Third, Data pipelines that allow us to treat data events in a moving time windows at variable latencies; in the long run this will change how we do ETL for most use cases. The defining processing capabilities for big data architecture are to meet the five V’s requirements. Unique distributed (multi-node) parallel processing architectures have been created to parse these large data sets. There are differing technology strategies for real-time and batch processing storage requirements. For real-time, key-value data stores, such as NoSQL, allow for high performance, index-based retrieval. For batch processing, a technique known as “Map Reduce,” filters data according to a specific data discovery strategy. After the filtered data is discovered, it can be analyzed directly, loaded into other unstructured or semi-structured databases, sent to mobile devices, or merged into traditional data warehousing environment and correlated to structured data. Many new analytic capabilities are available that derive meaning from new, unique data types as well as finding straightforward statistical relevance across large distributions. Analytical throughput also impacts the transformation, integration, and storage architectures, such as real-time and near-real time events, ad hoc visual exploration, and multi-stage statistical models. Nevertheless, it is common after Map Reduce processing to move the “reduction result” into the data warehouse and/or dedicated analytical environment in order to leverage existing investments and skills in business intelligence reporting, statistical, semantic, and correlation capabilities.
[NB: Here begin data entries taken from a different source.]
(* Let $t\ge1$, $k\ge t$, and let $v_1,v_2,\eta,\mu$ be positive integers such that there exist $\mu$ pairwise compatible simple COA$_\eta(t,k,v_2)$'s. Suppose there are non-negative integers $m_1,\dots,m_r$ and positive integers $\mu_1,\dots,\mu_r,\lambda_1,\dots,\lambda_r$ such that (1) $m_1\mu_1+\cdots+m_r\mu_r\le\mu$, and (2) for each $1\le i\le r$ a $\mu_i$-row-divisible COA$_{\lambda_i}(t,k,v_1)$ exists. Then a simple COA$_{\eta(m_1\lambda_1+\cdots+m_r\lambda_r)}(t,k,v_1v_2)$ exists (provided $m_1\lambda_1+\cdots+m_r\lambda_r\ge1$).
   Context: A COA$_\lambda(t,k,v)$ is a $\lambda v^t\times k$ array over a $v$-set $V$ in which every set of $t$ consecutive columns contains every $t$-tuple exactly $\lambda$ times as a row. An array (not necessarily a COA) has the simple property if for any two distinct sets of $t$ consecutive columns sharing exactly $i$ columns ($0\le i\le t-1$), the subarray on the $2t-i$ columns of their union contains each $(2t-i)$-tuple at most once as a row; a simple COA is a COA with this property. A COA$_\lambda(t,k,v)$ is $\mu$-row-divisible if its rows can be partitioned into $\mu$ subarrays each having the simple property. Two simple COAs over the same symbol set are compatible if the array obtained by stacking all rows of both (their superimposition) is a simple COA; a family of simple COAs over the same symbol set is compatible if its members are pairwise compatible. *)

From mathcomp Require Import all_boot.
Set Implicit Arguments. Unset Strict Implicit. Unset Printing Implicit Defensive.

Definition row (k v : nat) := {ffun 'I_k -> 'I_v}.
Definition array (k v : nat) := seq (row k v).

Definition inwin (t s : nat) (c : nat) : bool := (s <= c) && (c < s + t).

Definition matches_win (t k v : nat) (s : nat) (x : {ffun 'I_t -> 'I_v})
  (r : row k v) : bool :=
  [forall j : 'I_t, forall c : 'I_k, (val c == s + val j) ==> (r c == x j)].

Definition is_COA (lam t k v : nat) (A : array k v) : Prop :=
  size A = lam * v ^ t /\
  forall s : nat, s + t <= k ->
    forall x : {ffun 'I_t -> 'I_v}, count (matches_win s x) A = lam.

Definition agree_union (t k v : nat) (s1 s2 : nat) (r1 r2 : row k v) : bool :=
  [forall c : 'I_k, (inwin t s1 c || inwin t s2 c) ==> (r1 c == r2 c)].

(* A tuple on the union is represented by any full row extending it. *)
Definition simple_prop (t k v : nat) (A : array k v) : Prop :=
  forall s1 s2 : nat, s1 + t <= k -> s2 + t <= k -> s1 <> s2 ->
    forall y : row k v, count (fun r => agree_union t s1 s2 r y) A <= 1.

Definition simple_COA (lam t k v : nat) (A : array k v) : Prop :=
  is_COA lam t A /\ simple_prop t A.

Definition row_divisible (mu lam t k v : nat) (A : array k v) : Prop :=
  is_COA lam t A /\
  exists parts : seq (array k v),
    [/\ size parts = mu, perm_eq (flatten parts) A,
        all (fun P => size P != 0) parts &
        forall P, P \in parts -> simple_prop t P].

Definition compatible (eta t k v : nat) (A B : array k v) : Prop :=
  simple_COA (2 * eta) t (A ++ B).

From mathcomp Require Import all_boot zify.
Set Implicit Arguments. Unset Strict Implicit. Unset Printing Implicit Defensive.

(* Identify the symbol set 'I_(v1 * v2) with pairs of symbols 'I_v1 * 'I_v2,
   so that a row p over v1 and a row q over v2 combine columnwise into a row
   (p, q) over v1 * v2.  A window / union condition on (p, q) splits into the
   same condition on p and on q, so counts in the product P x C of two arrays
   multiply.  Given a list of pairs (P_j, C_j) we superimpose the products
   P_j x C_j.  If the P_j are simple and together form a COA_L(t,k,v1), and
   the C_j are distinct members of a pairwise compatible family of simple
   COA_eta(t,k,v2), then the superimposition is a simple COA_(eta L)(t,k,v1 v2):
   indices multiply, and a union-tuple can only reappear inside one P_j x C_j
   through a repeated union-tuple of the superimposition of the C_j, which is
   simple by compatibility.
   For the theorem, the simple parts of m_i copies of a mu_i-row-divisible
   COA_(lam_i) give sum m_i mu_i <= mu simple arrays forming a COA_L with
   L = sum m_i lam_i, and each is paired with its own member of the family. *)

(* Boolean quantifiers and implications distribute over conjunction; this is
   how a condition on a paired row splits into its two coordinates. *)
Lemma forall_andb (T : finType) (P Q : pred T) :
  [forall x, P x && Q x] = [forall x, P x] && [forall x, Q x].
Proof.
apply/forallP/andP => [H|[/forallP HP /forallP HQ] x]; last by rewrite HP HQ.
by split; apply/forallP => x; case/andP: (H x).
Qed.

Lemma implyb_andr (a b c : bool) : (a ==> b && c) = (a ==> b) && (a ==> c).
Proof. by case: a. Qed.

Section SymbolPairs.
Variables v1 v2 : nat.

Lemma card_symbol_pairs : #|{: 'I_v1 * 'I_v2}| = v1 * v2.
Proof. by rewrite card_prod !card_ord. Qed.

Definition encode (ab : 'I_v1 * 'I_v2) : 'I_(v1 * v2) :=
  cast_ord card_symbol_pairs (enum_rank ab).

Definition decode (z : 'I_(v1 * v2)) : 'I_v1 * 'I_v2 :=
  enum_val (cast_ord (esym card_symbol_pairs) z).

Lemma encodeK : cancel encode decode.
Proof. by move=> ab; rewrite /decode /encode cast_ordK enum_rankK. Qed.

Lemma decodeK : cancel decode encode.
Proof. by move=> z; rewrite /decode /encode enum_valK cast_ordKV. Qed.

Lemma encode_eq (a : 'I_v1) (b : 'I_v2) z :
  (encode (a, b) == z) = (a == (decode z).1) && (b == (decode z).2).
Proof. by rewrite (can2_eq encodeK decodeK) -xpair_eqE. Qed.

Definition fst_fun (I : finType) (x : {ffun I -> 'I_(v1 * v2)}) :
  {ffun I -> 'I_v1} := [ffun j => (decode (x j)).1].
Definition snd_fun (I : finType) (x : {ffun I -> 'I_(v1 * v2)}) :
  {ffun I -> 'I_v2} := [ffun j => (decode (x j)).2].

Variable k : nat.

Definition pair_row (p : row k v1) (q : row k v2) : row k (v1 * v2) :=
  [ffun c => encode (p c, q c)].

Definition product_array (P : array k v1) (C : array k v2) : array k (v1 * v2) :=
  [seq pair_row p q | p <- P, q <- C].

Lemma pair_row_eq p q c z :
  (pair_row p q c == z) = (p c == (decode z).1) && (q c == (decode z).2).
Proof. by rewrite ffunE encode_eq. Qed.

Lemma matches_pair_row t s (x : {ffun 'I_t -> 'I_(v1 * v2)}) p q :
  matches_win s x (pair_row p q) =
  matches_win s (fst_fun x) p && matches_win s (snd_fun x) q.
Proof.
rewrite /matches_win -forall_andb; apply: eq_forallb => j.
rewrite -forall_andb; apply: eq_forallb => c.
by rewrite pair_row_eq !ffunE implyb_andr.
Qed.

Lemma agree_pair_row t s1 s2 y p q :
  agree_union t s1 s2 (pair_row p q) y =
  agree_union t s1 s2 p (fst_fun y) && agree_union t s1 s2 q (snd_fun y).
Proof.
rewrite /agree_union -forall_andb; apply: eq_forallb => c.
by rewrite pair_row_eq !ffunE implyb_andr.
Qed.

Lemma count_product_array (a : pred (row k (v1 * v2))) a1 a2 P C :
  (forall p q, a (pair_row p q) = a1 p && a2 q) ->
  count a (product_array P C) = count a1 P * count a2 C.
Proof.
move=> a_split; elim: P => //= p P IH.
rewrite /product_array allpairs_cons count_cat -/(product_array P C) IH.
rewrite count_map mulnDl (eq_count (a_split p)); congr (_ + _).
by case: (a1 p); rewrite ?mul1n ?mul0n //; elim: {IH}C.
Qed.

Definition product_blocks (PCs : seq (array k v1 * array k v2)) :=
  flatten [seq product_array PC.1 PC.2 | PC <- PCs].

Lemma count_product_blocks (a : pred (row k (v1 * v2))) a1 a2 c PCs :
  (forall p q, a (pair_row p q) = a1 p && a2 q) ->
  (forall PC, PC \in PCs -> count a2 PC.2 = c) ->
  count a (product_blocks PCs) = count a1 (flatten (unzip1 PCs)) * c.
Proof.
move=> a_split; elim: PCs => //= PC PCs IH countC.
rewrite count_cat (count_product_array _ _ a_split) countC ?mem_head //.
by rewrite IH ?count_cat ?mulnDl // => PC' inPC'; rewrite countC // inE inPC' orbT.
Qed.

Lemma count_product_blocks_le (a : pred (row k (v1 * v2))) a1 a2 PCs :
  (forall p q, a (pair_row p q) = a1 p && a2 q) ->
  (forall PC, PC \in PCs -> count a1 PC.1 <= 1) ->
  count a (product_blocks PCs) <= count a2 (flatten (unzip2 PCs)).
Proof.
move=> a_split; elim: PCs => //= PC PCs IH countP.
rewrite !count_cat (count_product_array _ _ a_split) leq_add //.
  by rewrite -[X in _ <= X]mul1n leq_mul // countP ?mem_head.
by apply: IH => PC' inPC'; rewrite countP // inE inPC' orbT.
Qed.

Lemma is_COA_product_blocks t L eta PCs :
  is_COA L t (flatten (unzip1 PCs)) ->
  (forall PC, PC \in PCs -> is_COA eta t PC.2) ->
  is_COA (L * eta) t (product_blocks PCs).
Proof.
move=> [sizeP countP] coaC; split.
  rewrite -!count_predT (@count_product_blocks _ predT predT (eta * v2 ^ t)) //.
    by rewrite count_predT sizeP expnMn mulnACA.
  by move=> PC /coaC [sizeC _]; rewrite count_predT.
move=> s win x; rewrite (@count_product_blocks _ _ _ eta _ (matches_pair_row s x)).
  by rewrite countP.
by move=> PC /coaC [_ countC]; exact: countC.
Qed.

Lemma simple_prop_product_blocks t PCs :
  (forall PC, PC \in PCs -> simple_prop t PC.1) ->
  simple_prop t (flatten (unzip2 PCs)) ->
  simple_prop t (product_blocks PCs).
Proof.
move=> simpleP simpleC s1 s2 win1 win2 s12 y.
apply: leq_trans (simpleC s1 s2 win1 win2 s12 (snd_fun y)).
apply: count_product_blocks_le => [p q|PC inPC]; first exact: agree_pair_row.
exact: simpleP.
Qed.

End SymbolPairs.

Lemma sum_pairwise_le1 (I : eqType) (f : I -> nat) (s : seq I) :
  (forall i, f i <= 1) -> (forall i j, i != j -> f i + f j <= 1) ->
  uniq s -> \sum_(i <- s) f i <= 1.
Proof.
move=> f_le1 pair_le1; elim: s => [|i s IH]; first by rewrite big_nil.
case/andP=> i_notin uniq_s; rewrite big_cons.
have [fi0|fi_pos] := posnP (f i); first by rewrite fi0 IH.
suff -> : \sum_(j <- s) f j = 0 by rewrite addn0.
rewrite big1_seq // => j /andP[_ js].
have ij : i != j by apply: contraNneq i_notin => ->.
have := pair_le1 i j ij; lia.
Qed.

Lemma simple_prop_superimpose (I : eqType) t k v (fam : I -> array k v)
    (idx : seq I) :
  (forall i, simple_prop t (fam i)) ->
  (forall i j, i != j -> simple_prop t (fam i ++ fam j)) ->
  uniq idx -> simple_prop t (flatten (map fam idx)).
Proof.
move=> simple_fam simple_pairs uniq_idx s1 s2 win1 win2 s12 y.
rewrite count_flatten -map_comp sumnE big_map.
apply: sum_pairwise_le1 uniq_idx => [i|i j ij]; first exact: simple_fam.
by rewrite -count_cat; apply: simple_pairs.
Qed.

Section SimplePartitions.
Variables t k v : nat.

Lemma is_COA_cat L1 L2 (A1 A2 : array k v) :
  is_COA L1 t A1 -> is_COA L2 t A2 -> is_COA (L1 + L2) t (A1 ++ A2).
Proof.
move=> [size1 count1] [size2 count2]; split.
  by rewrite size_cat size1 size2 mulnDl.
by move=> s win x; rewrite count_cat count1 // count2.
Qed.

Lemma is_COA_perm L (A1 A2 : array k v) :
  perm_eq A1 A2 -> is_COA L t A1 -> is_COA L t A2.
Proof.
move=> perm12 [size1 count1]; split; first by rewrite -(perm_size perm12).
by move=> s win x; rewrite -(permP perm12) count1.
Qed.

Definition simple_partition (n L : nat) (Ps : seq (array k v)) : Prop :=
  [/\ size Ps = n, is_COA L t (flatten Ps) & forall P, P \in Ps -> simple_prop t P].

Lemma row_divisible_partition mu lam (A : array k v) :
  row_divisible mu lam t A -> exists Ps, simple_partition mu lam Ps.
Proof.
move=> [coaA [Ps [sizePs permA _ simplePs]]]; exists Ps; split=> //.
by apply: is_COA_perm coaA; rewrite perm_sym.
Qed.

Lemma simple_partition_cat n1 n2 L1 L2 Ps1 Ps2 :
  simple_partition n1 L1 Ps1 -> simple_partition n2 L2 Ps2 ->
  simple_partition (n1 + n2) (L1 + L2) (Ps1 ++ Ps2).
Proof.
move=> [size1 coa1 simple1] [size2 coa2 simple2]; split.
- by rewrite size_cat size1 size2.
- by rewrite flatten_cat; apply: is_COA_cat.
- by move=> P; rewrite mem_cat => /orP[/simple1|/simple2].
Qed.

Lemma simple_partition_nil : simple_partition 0 0 [::].
Proof. by split=> //; split=> // s win x; rewrite mul0n. Qed.

Lemma simple_partition_repeat c n L Ps :
  simple_partition n L Ps -> simple_partition (c * n) (c * L) (flatten (nseq c Ps)).
Proof.
move=> part; elim: c => [|c IH]; first exact: simple_partition_nil.
by rewrite !mulSn; apply: simple_partition_cat.
Qed.

Lemma simple_partition_sum (I : Type) (s : seq I) (n L : I -> nat) :
  (forall i, exists Ps, simple_partition (n i) (L i) Ps) ->
  exists Ps, simple_partition (\sum_(i <- s) n i) (\sum_(i <- s) L i) Ps.
Proof.
move=> part_i; elim: s => [|i s [Ps partPs]].
  by exists [::]; rewrite !big_nil; exact: simple_partition_nil.
have [Pi partPi] := part_i i.
by exists (Pi ++ Ps); rewrite !big_cons; apply: simple_partition_cat.
Qed.

End SimplePartitions.

Lemma simple_COA_of_partition t k v1 v2 eta mu n L
    (fam : 'I_mu -> array k v2) (Ps : seq (array k v1)) :
  (forall i, simple_COA eta t (fam i)) ->
  (forall i j, i != j -> compatible eta t (fam i) (fam j)) ->
  n <= mu -> simple_partition t n L Ps ->
  exists B : array k (v1 * v2), simple_COA (eta * L) t B.
Proof.
move=> simple_fam compat n_le_mu [sizePs coaPs simplePs].
set idx := take n (enum 'I_mu).
have size_idx : size idx = size Ps by rewrite size_takel ?size_enum_ord ?sizePs.
set PCs := zip Ps (map fam idx).
have unzip1_PCs : unzip1 PCs = Ps by rewrite unzip1_zip // size_map size_idx.
have unzip2_PCs : unzip2 PCs = map fam idx by rewrite unzip2_zip // size_map size_idx.
have fam_PCs PC : PC \in PCs -> exists i, PC.2 = fam i.
  move=> inPC; have : PC.2 \in unzip2 PCs by apply: map_f.
  by rewrite unzip2_PCs => /mapP [i _ ->]; exists i.
exists (product_blocks PCs); rewrite mulnC; split.
- apply: is_COA_product_blocks; first by rewrite unzip1_PCs.
  by move=> PC /fam_PCs [i ->]; case: (simple_fam i).
- apply: simple_prop_product_blocks.
    move=> PC inPC; apply: simplePs.
    by rewrite -unzip1_PCs; apply: map_f.
  rewrite unzip2_PCs; apply: simple_prop_superimpose.
  + by move=> i; case: (simple_fam i).
  + by move=> i j ij; case: (compat i j ij).
  + exact/take_uniq/enum_uniq.
Qed.

Theorem mainTheorem13 (t k v1 v2 eta mu r : nat)
  (m mu_ lam : 'I_r -> nat) :
  1 <= t -> t <= k -> 0 < v1 -> 0 < v2 -> 0 < eta -> 0 < mu ->
  (exists fam : 'I_mu -> array k v2,
     (forall i, simple_COA eta t (fam i)) /\
     (forall i j, i != j -> compatible eta t (fam i) (fam j))) ->
  (forall i, 0 < mu_ i) -> (forall i, 0 < lam i) ->
  \sum_(i < r) m i * mu_ i <= mu ->
  (forall i, exists A : array k v1, row_divisible (mu_ i) (lam i) t A) ->
  1 <= \sum_(i < r) m i * lam i ->
  exists B : array k (v1 * v2),
    simple_COA (eta * \sum_(i < r) m i * lam i) t B.
Proof.
move=> _ _ _ _ _ _ [fam [simple_fam compat]] _ _ sum_le_mu row_div _.
have part_i i : exists Ps,
    simple_partition t (m i * mu_ i) (m i * lam i) (Ps : seq (array k v1)).
  have [A /row_divisible_partition [Ps partPs]] := row_div i.
  by exists (flatten (nseq (m i) Ps)); apply: simple_partition_repeat.
have [Ps partPs] := simple_partition_sum (index_enum 'I_r) part_i.
exact (simple_COA_of_partition simple_fam compat sum_le_mu partPs).
Qed.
Dedicated analytical environments, also known as Discovery Labs or sandboxes, are architected to be rapidly provisioned and deprovisioned as needs dictate. One of the obstacles observed in enterprise Hadoop adoption is the lack of integration with the existing BI ecosystem. As a result, the analysis is not available to the typical business user or executive. When traditional BI and big data ecosystems are separate they fail to deliver the value added analysis that is expected. Independent Big Data projects also runs the risk of redundant investments which is especially problematic if there is a shortage of knowledgeable staff.